As the functions of the various parts of brain are revealed through research, drugs that target specific areas and receptors can be manufactured.

“Most patients get them [mental illnesses] between the ages of 15 and 25 years (men) and  between 25 and 35 years (women). Many are jobless, so they depend on others to buy them the medication. Often, these drugs financially drain  those paying for the treatment, or they get tired or exhaust their resources and stop because buying medication that costs almost Sh100 a day for the rest of a  person’s life isn’t easy. That is why patients get abandoned and have to rely on government medication,” says Dr Gatere, adding that the government should subsidize he treatment of chronic mental illnesses just  like it has done for other chronic illnesses.”

He says out of 80 patients, only about 10 can afford the second-generation drugs. 

Meanwhile, the medical superintendent at Mathari Hospital, Dr Julius Ogato, says that since affordability determines compliance in  taking medicine, the hospital  prescribes drugs that the patient can afford, taking their socio-economic situation into consideration. “If we prescribe medicine that you cannot afford, then we haven’t helped you,” he says.

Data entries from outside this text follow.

(* Let $X=(T,E)$ and $Y=(Z,F)$ be colored graphs and let $W=(W_{i\alpha,j\beta})_{i\alpha,j\beta\in T\times Z}$ be the fundamental magic biunitary of $A(X*Y)$. Then for all $\alpha,\beta\in Z$ and all $i,j\in T$, $$\sum_{k\in T}W_{i\alpha,k\beta}=\sum_{k\in T}W_{k\alpha,j\beta};$$ in particular the element $V_{\alpha\beta}:=\sum_kW_{i\alpha,k\beta}$ is independent of $i$ (and equals $\sum_kW_{k\alpha,j\beta}$ for any $j$). The matrix $V=(V_{\alpha\beta})_{\alpha,\beta\in Z}$ is a magic biunitary.
   Context: A colored graph $X=(V,E)$ is a finite set $V$ with a partition $E=\{E_1,\dots,E_p\}$ of $(V\times V)-\Delta_V$. Free product: for $X=(T,E)$, $E=\{E_1,\dots,E_p\}$, and $Y=(Z,F)$, $F=\{F_1,\dots,F_q\}$, $X*Y$ has vertex set $T\times Z$ and partition $\{E_r^\circ\}\cup\{F_s^\circ\}$, $E_r^\circ=\{(i\alpha,j\alpha)\mid(i,j)\in E_r,\alpha\in Z\}$, $F_s^\circ=\{(i\alpha,j\beta)\mid i,j\in T,(\alpha,\beta)\in F_s\}$. A magic biunitary is a square matrix of projections whose rows and columns are partitions of unity. For a colored graph on $N$ vertices, $A(\cdot)$ is the quotient of the universal C*-algebra generated by the entries of an $N\times N$ magic biunitary $W$ by the relations $Wd=dW$, $d$ the Laplacian ($d_{ii}=0$, $d_{xy}=c(k)$ for $(x,y)$ in the $k$-th class, $c$ injective into ${\mathbb C}$); equivalently by the relations $\sum_{z:(z,y)\in C}W_{xz}=\sum_{z:(x,z)\in C}W_{zy}$ for every class $C$ of the partition. *)

From HB Require Import structures.
From mathcomp Require Import all_boot all_order all_algebra.
Set Implicit Arguments. Unset Strict Implicit. Unset Printing Implicit Defensive.
Import GRing.Theory.
Local Open Scope ring_scope.

Definition is_involution (A : pzRingType) (star : A -> A) : Prop :=
  [/\ forall x y, star (x + y) = star x + star y,
      forall x y, star (x * y) = star y * star x,
      forall x, star (star x) = x & star 1 = 1].

Definition offdiag (V : finType) : {set V * V} := [set u | u.1 != u.2].

Definition colored_graph (V : finType) (E : {set {set V * V}}) : Prop :=
  partition E (offdiag V).

Definition free_product (T Z : finType)
  (E : {set {set T * T}}) (F : {set {set Z * Z}}) : {set {set (T * Z) * (T * Z)}} :=
  [set [set (((u.1, a), (u.2, a)) : (T * Z) * (T * Z)) | u in C, a in [set: Z]] | C : {set T * T} in E]
  :|: [set [set (((x.1, u.1), (x.2, u.2)) : (T * Z) * (T * Z)) | x in [set: T * T], u in C]
         | C : {set Z * Z} in F].

Definition is_proj (A : pzRingType) (star : A -> A) (p : A) : Prop :=
  p * p = p /\ star p = p.

Definition partition_of_unity (A : pzRingType) (star : A -> A) (I : finType)
  (f : I -> A) : Prop :=
  [/\ forall i, is_proj star (f i),
      forall i j, i != j -> f i * f j = 0 &
      \sum_(i : I) f i = 1].

Definition magic (A : pzRingType) (star : A -> A) (I : finType) (W : I -> I -> A) : Prop :=
  (forall x, partition_of_unity star (W x)) /\
  (forall y, partition_of_unity star (fun x => W x y)).

Definition A_relations (A : pzRingType) (star : A -> A) (V : finType)
  (E : {set {set V * V}}) (W : V -> V -> A) : Prop :=
  magic star W /\
  forall C, C \in E -> forall x y : V,
    \sum_(z | (z, y) \in C) W x z = \sum_(z | (x, z) \in C) W z y.

From HB Require Import structures.
From mathcomp Require Import all_boot all_order all_algebra.
Import GRing.Theory.
Local Open Scope ring_scope.
Set Implicit Arguments. Unset Strict Implicit.

(* For a class C of X, the class C° of X * Y relates (i,a) and (k,b) exactly
   when (i,k) is in C and a = b.  Reading the relation W d = d W of A(X * Y)
   at the entry ((i,a),(j,b)) for the class C° therefore gives
   sum_{(k,j) in C} W_{ia,kb} = sum_{(i,k) in C} W_{ka,jb}.  Summing over the
   classes of X, which partition the off-diagonal pairs, and adding the
   diagonal term W_{ia,jb} to both sides yields the first claim.  The rows and
   columns of V are then obtained by grouping the row (i,a) and the column
   (j,b) of W, both partitions of unity, along the second coordinate. *)

Section PartitionOfUnity.

Variables (A : pzRingType) (star : A -> A).
Hypothesis star_add : {morph star : x y / x + y}.

Lemma star_sum (I : finType) (P : pred I) (f : I -> A) :
  star (\sum_(i | P i) f i) = \sum_(i | P i) star (f i).
Proof.
have star0 : star 0 = 0 by apply: (addrI (star 0)); rewrite -star_add !addr0.
exact: (big_morph star star_add star0).
Qed.

Lemma eq_partition_of_unity (I : finType) (f g : I -> A) :
  f =1 g -> partition_of_unity star f -> partition_of_unity star g.
Proof.
move=> eq_fg [proj_f orth_f sum_f]; split=> [i | i j | ].
- by rewrite -eq_fg.
- by rewrite -!eq_fg; apply: orth_f.
- by rewrite -(eq_bigr _ (fun i _ => eq_fg i)).
Qed.

Variables (I : finType) (f : I -> A).
Hypothesis f_pu : partition_of_unity star f.

Lemma partition_of_unity_sumM (P Q : pred I) :
  (\sum_(i | P i) f i) * (\sum_(j | Q j) f j) = \sum_(i | P i && Q i) f i.
Proof.
case: f_pu => proj_f orth_f _.
rewrite big_distrl [RHS]big_mkcondr /=; apply: eq_bigr => i _.
rewrite big_distrr /=; have [Qi | nQi] := boolP (Q i).
  rewrite (bigD1 i) //= big1 ?addr0; first by case: (proj_f i).
  by move=> j /andP[_]; rewrite eq_sym => /orth_f.
by rewrite big1 // => j Qj; apply: orth_f; apply: contraNneq nQi => ->.
Qed.

Lemma partition_of_unity_coarsen (J : finType) (g : I -> J) :
  partition_of_unity star (fun j => \sum_(i | g i == j) f i).
Proof.
split=> [j | j l neq_jl | ].
- split; first by rewrite partition_of_unity_sumM; apply: eq_bigl => i; rewrite andbb.
  rewrite star_sum; apply: eq_bigr => i _.
  by case: f_pu => proj_f _ _; case: (proj_f i).
- rewrite partition_of_unity_sumM big_pred0 // => i.
  by apply: contraNF neq_jl => /andP[/eqP <- /eqP <-].
- by case: f_pu => _ _ <-; rewrite (partition_big g xpredT).
Qed.

End PartitionOfUnity.

Lemma sum_partition_preimage (V : finType) (P : {set {set V}}) (D : {set V})
  (R : nmodType) (I : finType) (q : I -> V) (h : I -> R) :
  partition P D ->
  \sum_(C in P) \sum_(i | q i \in C) h i = \sum_(i | q i \in D) h i.
Proof.
case/and3P=> /eqP coverP trivP _.
under eq_bigr => C _ do rewrite big_mkcond.
rewrite exchange_big [RHS]big_mkcond /=; apply: eq_bigr => i _.
rewrite -big_mkcondr /= -coverP.
have [qiP | qiNP] := boolP (q i \in cover P).
  rewrite (big_pred1 (pblock P (q i))) // => C /=.
  apply/andP/eqP => [[CP qiC] | ->]; first by rewrite (def_pblock trivP CP qiC).
  by rewrite pblock_mem // mem_pblock.
rewrite big_pred0 // => C; apply/andP => -[CP qiC].
by case/negP: qiNP; apply/bigcupP; exists C.
Qed.

Lemma sum_pair_snd_eq (R : nmodType) (T Z : finType) (P : pred T)
  (g : T * Z -> R) (b : Z) :
  \sum_(z | P z.1 && (z.2 == b)) g z = \sum_(k | P k) g (k, b).
Proof.
transitivity (\sum_(k | P k) \sum_(c | c == b) g (k, c)).
  by rewrite pair_big_dep; apply: eq_bigr => -[].
by apply: eq_bigr => k _; rewrite big_pred1_eq.
Qed.

Definition lifted_class (T Z : finType) (C : {set T * T}) : {set (T * Z) * (T * Z)} :=
  [set ((u.1, a), (u.2, a)) | u in C, a in [set: Z]].

Lemma mem_lifted_class (T Z : finType) (C : {set T * T}) (x y : T * Z) :
  ((x, y) \in lifted_class Z C) = ((x.1, y.1) \in C) && (x.2 == y.2).
Proof.
apply/imset2P/andP => [[u a uC _ [-> ->]] | ].
  by case: u uC.
by case: x y => [k a] [l b] /= [klC /eqP ->]; exists (k, l) b.
Qed.

Lemma lifted_class_free_product (T Z : finType) (E : {set {set T * T}})
  (F : {set {set Z * Z}}) (C : {set T * T}) :
  C \in E -> lifted_class Z C \in free_product E F.
Proof. by move=> CE; apply/setUP; left; apply/imsetP; exists C. Qed.

Section FreeProduct.

Variables (A : pzRingType) (star : A -> A) (T Z : finType).
Variables (E : {set {set T * T}}) (F : {set {set Z * Z}}).
Variable W : T * Z -> T * Z -> A.
Hypothesis W_rel : A_relations star (free_product E F) W.

Lemma lifted_class_relation (C : {set T * T}) (i j : T) (a b : Z) :
  C \in E ->
  \sum_(k | (k, j) \in C) W (i, a) (k, b) = \sum_(k | (i, k) \in C) W (k, a) (j, b).
Proof.
move=> CE; case: W_rel => _ /(_ _ (lifted_class_free_product F CE) (i, a) (j, b)).
under eq_bigl => z do rewrite mem_lifted_class.
under [X in _ = X -> _]eq_bigl => z do rewrite mem_lifted_class /= eq_sym.
by rewrite (sum_pair_snd_eq (fun k => (k, j) \in C))
           (sum_pair_snd_eq (fun k => (i, k) \in C) (W^~ (j, b))).
Qed.

Hypothesis E_graph : colored_graph E.

Lemma block_row_sum_eq_col_sum (a b : Z) (i j : T) :
  \sum_(k : T) W (i, a) (k, b) = \sum_(k : T) W (k, a) (j, b).
Proof.
have offdiag_sums :
    \sum_(k | k != j) W (i, a) (k, b) = \sum_(k | k != i) W (k, a) (j, b).
  have : \sum_(C in E) \sum_(k | (k, j) \in C) W (i, a) (k, b)
       = \sum_(C in E) \sum_(k | (i, k) \in C) W (k, a) (j, b).
    by apply: eq_bigr => C; apply: lifted_class_relation.
  rewrite (sum_partition_preimage (fun k => (k, j)) _ E_graph).
  rewrite (sum_partition_preimage (fun k => (i, k)) _ E_graph).
  by under eq_bigl => k do rewrite inE; under [in RHS]eq_bigl => k do rewrite inE eq_sym.
by rewrite (bigD1 j) // [RHS](bigD1 i) //= offdiag_sums.
Qed.

Hypothesis star_add : {morph star : x y / x + y}.

Lemma block_sum_magic (i0 : T) :
  magic star (fun a b : Z => \sum_(k : T) W (i0, a) (k, b)).
Proof.
case: W_rel => -[W_row W_col] _; split=> [a | b].
- apply: eq_partition_of_unity (partition_of_unity_coarsen star_add (W_row (i0, a)) snd).
  by move=> b; rewrite (sum_pair_snd_eq xpredT).
- apply: eq_partition_of_unity
    (partition_of_unity_coarsen star_add (W_col (i0, b)) snd) => a /=.
  by rewrite (sum_pair_snd_eq xpredT (W^~ (i0, b))) (block_row_sum_eq_col_sum a b i0 i0).
Qed.

End FreeProduct.

Theorem lemma6p1 (A : pzRingType) (star : A -> A) (Hstar : is_involution star)
  (T Z : finType) (E : {set {set T * T}}) (F : {set {set Z * Z}})
  (HE : colored_graph E) (HF : colored_graph F)
  (W : T * Z -> T * Z -> A) (HW : A_relations star (free_product E F) W) :
  (forall (a b : Z) (i j : T),
      \sum_(k : T) W (i, a) (k, b) = \sum_(k : T) W (k, a) (j, b)) /\
  (forall i0 : T, magic star (fun a b : Z => \sum_(k : T) W (i0, a) (k, b))).
Proof.
have [star_add _ _ _] := Hstar.
split; first exact: block_row_sum_eq_col_sum HW HE.
exact: block_sum_magic HW HE star_add.
Qed.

By not treating the mentally ill with the appropriate drugs, the country is losing a good majority of the estimated 5million mental health patients to un-productivity.

It remains to be seen whether the recently adopted Kenya Health Mental Policy 2015-2030 will help this long-neglected group.

A neglected area

Mental healthcare receives little attention in the country and remains a low policy and budget priority.

Less than 1 per cent of the Ministry of Health’s budget goes to the national health facilities, according to Dr Simon Njuguna, the Deputy Director of Mental Health

 Mental patients account for 12 per cent of the population, according to Dr Catherine Syengo, the deputy head of the Mental Health Unit.